START GIVEN ENTRIES

Lemma path_tuple_of_lattice_dec (T : finType) (e : rel T) i w :
  lattice_dec_width e i w -> exists2 w', w' <= w & path_tuple_width e i w'.
Proof.
case=> M [eM [X [X_dec [dim_i <-]]]].
have [_ [phi [_ phi_iso]]] := lattice_embeds_widen dim_i.
have [_ [_ [cover_e cover_v]]] := X_dec.
pose Zs j := proj_decomposition X (phi^~ j).
have [|w' le_w' Zs_w'] := @tuple_value_exists T i Zs (md_width X) _
  (fun t => proj_decomposition_width X_dec phi_iso (t := t)).
  by move=> j; rewrite size_mkseq.
exists w' => //; exists Zs; split=> // j.
exact: proj_path_decomposition (fun v => (cover_v v).1) cover_e.
Qed.

Lemma trivial_path_decomposition (T : finType) (e : rel T) : path_decomposition e [:: [set: T]].
Proof.
split=> //; split=> [u v _ | v]; first by exists 0 => //; rewrite !inE.
split=> [|a b c _ le_bc lt_c _ _]; first by exists 0 => //; rewrite inE.
have -> : b = 0 by move: lt_c => /=; lia.
by rewrite inE.
Qed.

Lemma path_tuple_width_exists (T : finType) (e : rel T) i : exists w, path_tuple_width e i w.
Proof.
pose Zs (j : 'I_i) := [:: [set: T]].
have [|w _ Zs_w] := @tuple_value_exists T i Zs #|T| _ (fun u _ => max_card _) => //.
by exists w, Zs; split=> // j; apply: trivial_path_decomposition.
Qed.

END GIVEN ENTRIES

#### [TASK BRIEF]
Nothing may be dropped or altered; repeat every record in full.

#### [ANSWER SPACE]
Lemma path_tuple_of_lattice_dec (T : finType) (e : rel T) i w :
  lattice_dec_width e i w -> exists2 w', w' <= w & path_tuple_width e i w'.
Proof.
case=> M [eM [X [X_dec [dim_i <-]]]].
have [_ [phi [_ phi_iso]]] := lattice_embeds_widen dim_i.
have [_ [_ [cover_e cover_v]]] := X_dec.
pose Zs j := proj_decomposition X (phi^~ j).
have [|w' le_w' Zs_w'] := @tuple_value_exists T i Zs (md_width X) _
  (fun t => proj_decomposition_width X_dec phi_iso (t := t)).
  by move=> j; rewrite size_mkseq.
exists w' => //; exists Zs; split=> // j.
exact: proj_path_decomposition (fun v => (cover_v v).1) cover_e.
Qed.

Lemma trivial_path_decomposition (T : finType) (e : rel T) : path_decomposition e [:: [set: T]].
Proof.
split=> //; split=> [u v _ | v]; first by exists 0 => //; rewrite !inE.
split=> [|a b c _ le_bc lt_c _ _]; first by exists 0 => //; rewrite inE.
have -> : b = 0 by move: lt_c => /=; lia.
by rewrite inE.
Qed.

Lemma path_tuple_width_exists (T : finType) (e : rel T) i : exists w, path_tuple_width e i w.
Proof.
pose Zs (j : 'I_i) := [:: [set: T]].
have [|w _ Zs_w] := @tuple_value_exists T i Zs #|T| _ (fun u _ => max_card _) => //.
by exists w, Zs; split=> // j; apply: trivial_path_decomposition.
Qed.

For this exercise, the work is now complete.